A Love Supreme is an aural experience for jazz initiates and spiritual veterans that carries considerable potential for landing in their personal pantheons, but one more aspect strongly commends it to adventurous ears: among the hundreds of thousands of records released since the dawn of the turntable, when it is absorbed by two or more present in the same space, it can be a profound communal moment—and not just a moment, but conceivably the birth of a ritual. Many fans of A Love Supreme whom I happen to know excitedly tell stories of having listened to it with other people, a situation that has heightened significance in the age of headphones and heatedness. Sitting side by side with friends and family, in a candle-lit room emptied of smartphones and other modern distractions, one can be transported from the grinding monotony of this world—wake, eat, work, eat, sleep, rinse, wash, repeat—into a more complex, absorbing, mysterious, and—paradoxically–real one, one that can bind the group together and promote true inquiry and produce epiphanies.
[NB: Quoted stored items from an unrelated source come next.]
Lemma exists_inj_into S T : #|S| <= #|T| ->
  exists2 f : V -> V, {in S &, injective f} & forall s, s \in S -> f s \in T.
Proof.
move=> ST; pose f s := nth s (enum T) (index s (enum S)).
have idx_lt s : s \in S -> index s (enum S) < size (enum T).
  by move=> sS; rewrite -cardE; apply: leq_trans ST; rewrite cardE index_mem mem_enum.
exists f => [s1 s2 s1S s2S|s sS]; last by rewrite -mem_enum mem_nth ?idx_lt.
rewrite /f (set_nth_default s1 s2 (idx_lt _ s2S)) => /eqP.
rewrite nth_uniq ?enum_uniq ?idx_lt // => /eqP Ei.
by rewrite -(nth_index s1 (_ : s1 \in enum S)) ?mem_enum // Ei nth_index ?mem_enum.
Qed.

Lemma matching_of_injections C (I : {set V}) (f g : V -> V) :
  {in I &, injective f} -> {in I &, injective g} ->
  (forall i, i \in I -> [/\ f i \in C, g i \notin C & e (f i) (g i)]) ->
  matching_across e C [set (f i, g i) | i in I] /\ #|[set (f i, g i) | i in I]| = #|I|.
Proof.
move=> finj ginj H; split; last by rewrite card_in_imset // => i j iI jI [/finj->].
apply/andP; split; apply/forallP => p; apply/implyP => /imsetP[i iI ->] /=.
  by have [-> -> ->] := H i iI.
apply/forallP => q; apply/implyP => /imsetP[j jI ->] /=; apply/implyP => neq.
have nij : i != j by apply: contraNneq neq => ->.
by apply/andP; split; apply: contraNN nij => /eqP;
  [move/(finj _ _ iI jI) | move/(ginj _ _ iI jI)] => ->.
Qed.

Lemma complete_matching C S T : S \subset C -> T \subset ~: C ->
  (forall s t, s \in S -> t \in T -> e s t) ->
  exists M, [/\ matching_across e C M, minn #|S| #|T| <= #|M| &
    forall p, p \in M -> p.1 \in S /\ p.2 \in T].
Proof.
move=> SC TC Hc; have sC s : s \in S -> s \in C := subsetP SC s.
have tC t : t \in T -> t \notin C by move/(subsetP TC); rewrite inE.
have [ST|/ltnW TS] := leqP #|S| #|T|.
  have [f finj fST] := exists_inj_into ST.
  have [HM cM] := @matching_of_injections C S id f (in2W (@inj_id V)) finj
    (fun s sS => And3 (sC s sS) (tC _ (fST s sS)) (Hc _ _ sS (fST s sS))).
  exists [set (id s, f s) | s in S]; split; rewrite ?cM ?geq_minl //.
  by move=> p /imsetP[s sS ->]; split; rewrite ?fST.
have [f finj fTS] := exists_inj_into TS.
have [HM cM] := @matching_of_injections C T f id finj (in2W (@inj_id V))
  (fun t tT => And3 (sC _ (fTS t tT)) (tC t tT) (Hc _ _ (fTS t tT) tT)).
exists [set (f t, id t) | t in T]; split; rewrite ?cM ?geq_minr //.
by move=> p /imsetP[t tT ->]; split; rewrite ?fTS.
Qed.
Lemma outerP_le_measureU A U B : measurable U -> A `<=` U `|` B ->
  (outerP P A <= P U + outerP P B)%E.
Proof.
move=> mU AUB; rewrite addeC -lee_subel_addr ?outerP_fin_num //.
apply: le_ereal_inf_tmp => _ [B' [mB' BB'] <-].
rewrite lee_subel_addr ?fin_num_measure //.
apply: (@le_trans _ _ (P (U `|` B'))); last by rewrite addeC measureU2.
apply: ereal_inf_lbound; exists (U `|` B') => //; split; first exact: measurableU.
by move=> x /AUB [?|/BB' ?]; [left|right].
Qed.

Lemma measure_bigsetU_seq_le (I : eqType) (s : seq I) (A : I -> set T) (b : R) :
  (forall i, i \in s -> measurable (A i) /\ (P (A i) <= b%:E)%E) ->
  measurable (\big[setU/set0]_(i <- s) A i) /\
  (P (\big[setU/set0]_(i <- s) A i) <= ((size s)%:R * b)%:E)%E.
Proof.
elim: s => [|i s IHs] sA; first by rewrite big_nil measure0 mul0r.
have [ms Ps] := IHs (fun j js => sA j (predU1r _ _ js)).
have [mi Pi] := sA i (mem_head _ _).
rewrite big_cons; split; first exact: measurableU.
apply: le_trans (measureU2 _ mi ms) _.
by rewrite /= -addn1 natrD mulrDl mul1r addrC EFinD leeD.
Qed.

Lemma outerP_cover_le (I : eqType) (s : seq I) (A : I -> set T) (B E : set T)
    (b : R) :
  (forall i, i \in s -> measurable (A i) /\ (P (A i) <= b%:E)%E) ->
  (forall w, E w -> B w \/ exists2 i, i \in s & A i w) ->
  (outerP P E <= ((size s)%:R * b)%:E + outerP P B)%E.
Proof.
move=> sA EBA; have [mU PU] := measure_bigsetU_seq_le sA.
apply: le_trans (outerP_le_measureU mU _) (leeD PU (lexx _)).
move=> w /EBA [Bw|[i si Aiw]]; [right|left] => //.
elim: s si {sA mU PU EBA} => // j s IHs; rewrite in_cons big_cons.
by case/orP=> [/eqP <-|/IHs]; [left|right].
Qed.

Definition exp_bounded (A : nat -> set T) (f g : R) : Prop :=
  exists C : R, forall N : nat, (0 < N)%N ->
    (outerP P (A N) <= (C * expR (- f * N%:R `^ g))%:E)%E.

Definition exp_tail (A : R -> R -> nat -> set T) : Prop :=
  forall c : R, 0 < c -> exists f : R, 0 < f /\
    forall delta : R, 0 < delta -> exp_bounded (A c delta) f (1 + 2 * delta).

Lemma exp_bounded_eventually (A : nat -> set T) (f g C0 : R) (N0 : nat) :
  0 <= f -> 0 <= g ->
  (forall N, (N0 <= N)%N -> (0 < N)%N ->
     (outerP P (A N) <= (C0 * expR (- f * N%:R `^ g))%:E)%E) ->
  exp_bounded A f g.
Proof.
move=> f0 g0 AC0; exists (Num.max C0 (expR (f * N0%:R `^ g))) => N Npos.
have [N0N|NN0] := leqP N0 N.
  apply: (le_trans (AC0 N N0N Npos)); rewrite lee_fin ler_wpM2r ?expR_ge0 //.
  by rewrite le_max lexx.
apply: (le_trans (outerP_le1 _)); rewrite lee_fin.
apply: (@le_trans _ _ (expR (f * N0%:R `^ g) * expR (- f * N%:R `^ g))); last first.
  by rewrite ler_wpM2r ?expR_ge0 // le_max lexx orbT.
rewrite -expRD; apply: le_trans (expR_ge1Dx _).
rewrite lerDl mulNr subr_ge0 ler_wpM2l //.
by apply: ge0_ler_powR => //; rewrite ?nnegrE ?ler0n // ler_nat ltnW.
Qed.
Section RightDini.
Variables (R : realType) (k : R -> R) (a b : R).
Hypothesis ab : a <= b.
Hypothesis kc : {within `[a, b], continuous k}.
Hypothesis kd : forall t, a < t < b -> forall eta, 0 < eta ->
  \forall h \near 0^'+, k (t + h) - k t <= eta * h.

Let kcP t e : a <= t <= b -> 0 < e -> exists2 d, 0 < d &
  forall s, a <= s <= b -> `|s - t| < d -> `|k s - k t| < e.
Proof.
move=> tab; apply: within_itv_cvg_dist_lt.
by have /subspace_continuousP := kc; apply; rewrite /= in_itv.
Qed.

(* The slack [eta] at [r = a] lets real induction leave [a], where no right
   derivative is available. *)
Let phi eta r := k a + eta * (r - a + 1).

Lemma right_dini_left_closed eta c : 0 < eta -> a <= c <= b ->
  (forall r, a <= r < c -> k r <= phi eta r) -> k c <= phi eta c.
Proof.
move=> eta_gt0 acb Pc; have /andP[ac cb] := acb; rewrite leNgt; apply/negP => gap.
have [ca | a_neq_c] := eqVneq c a.
  by move: gap; rewrite /phi ca subrr add0r mulr1; lra.
have a_lt_c : a < c by rewrite lt_neqAle eq_sym a_neq_c.
have e0 : 0 < (k c - phi eta c) / 2 by lra.
have [d d0 kd'] := kcP acb e0.
pose s := Num.max a (c - d / 2).
have sa : a <= s by rewrite le_max lexx.
have sc : s < c by rewrite gt_max a_lt_c /=; lra.
have csd : c - d / 2 <= s by rewrite le_max lexx orbT.
have ks : k s <= phi eta s by apply: Pc; rewrite sa sc.
have : `|k s - k c| < (k c - phi eta c) / 2.
  apply: kd'; first by rewrite sa (le_trans (ltW sc) cb).
  by rewrite distrC ger0_norm ?subr_ge0 ?(ltW sc) //; lra.
rewrite ltr_distlC => /andP[_ kcs].
have : eta * (s - a + 1) <= eta * (c - a + 1) by rewrite ler_wpM2l ?ltW //; lra.
by move: ks gap kcs; rewrite /phi; lra.
Qed.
That kind of transport, that kind of bonding, readers, is why A Love Supreme hangs on our living room wall. Thirty years ago, crushed flat by serial romantic disappointments, I’d vowed to become monk-like, and disavow romantic love. I drove to my friend’s house to inform him of my decision; he wasn’t home, but a young lady who was renting a room in his house was. I introduced myself, and as we were chatting, I looked over her shoulder to my friend’s stereo and stack of records. In the stack, I saw a certain LP. I asked her if she’d mind me putting it on—she hadn’t heard it. We still have that actual copy. We have it on CD and mp3, too.

Besides providing my students a copy, after I’d read the best final drafts from their last assignment, I read it aloud. Instantly, I noted the same ol’ bugaboos: convoluted sentences, unnecessary italics, inconsistent voice–they noted them, too (which was the point: if I struggle and it’s OK, then why not them?). I also tried to be Mr. Clever and, as I repeat too often, “stick the landing” on the final sentence; maybe it worked, but most of my students wanted to know more. However, I used the reading as a lesson on “Killing Your Darlings.” I love writing personal narratives, but I forced myself to abjure the story and just make the goddam case.

One student commented: “I want more of your story, and I don’t like the title! What about A Supreme Love?

Me: “Um, well, er…I’ve been married almost 30 years and my wife inspired the essay–but maybe let’s not go that far!”

Anyway, submitted, still rough, for your approval, too.